Entries provided ->
%%
Lemma sumL_scal {X} (g : X -> R) c l : sumL (fun x => c * g x) l = c * sumL g l.
Proof. induction l; simpl; [lra|]. rewrite IHl; lra. Qed.

Lemma sumL_map {X Y} (g : Y -> R) (f : X -> Y) l : sumL g (map f l) = sumL (fun x => g (f x)) l.
Proof. induction l; simpl; [lra|]. rewrite IHl; lra. Qed.

Lemma sumL_filter {X} (g : X -> R) (p : X -> bool) l :
  sumL g (filter p l) = sumL (fun x => if p x then g x else 0) l.
Proof. induction l; simpl; [lra|]. destruct (p a); simpl; rewrite IHl; lra. Qed.

Lemma sumL_flat_map {X Y} (g : Y -> R) (f : X -> list Y) l :
  sumL g (flat_map f l) = sumL (fun x => sumL g (f x)) l.
Proof. induction l; simpl; [lra|]. rewrite sumL_app, IHl; lra. Qed.

Lemma sumL_seq (a : nat -> R) n : sumL a (seq 0 n) = psum a n.
Proof. induction n; [reflexivity|]. rewrite seq_S, sumL_app, IHn. simpl. lra. Qed.

Lemma psum_S a N : psum a (S N) = psum a N + a N.
Proof. reflexivity. Qed.

Lemma psum_ext a b N : (forall n, (n < N)%nat -> a n = b n) -> psum a N = psum b N.
Proof. induction N; intros H; simpl; auto. rewrite IHN, H by (auto; lia). reflexivity. Qed.

Lemma psum_le a b N : (forall n, (n < N)%nat -> a n <= b n) -> psum a N <= psum b N.
Proof.
  induction N; intros H; simpl; [lra|].
  pose proof (H N (Nat.lt_succ_diag_r _)).
  pose proof (IHN (fun n Hn => H n (Nat.lt_lt_succ_r _ _ Hn))). lra.
Qed.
%%
Copy exactly the line containing "induction N; intros H; simpl; [lra|]." and each line after it through the end of the records above.

  induction N; intros H; simpl; [lra|].
  pose proof (H N (Nat.lt_succ_diag_r _)).
  pose proof (IHN (fun n Hn => H n (Nat.lt_lt_succ_r _ _ Hn))). lra.
Qed.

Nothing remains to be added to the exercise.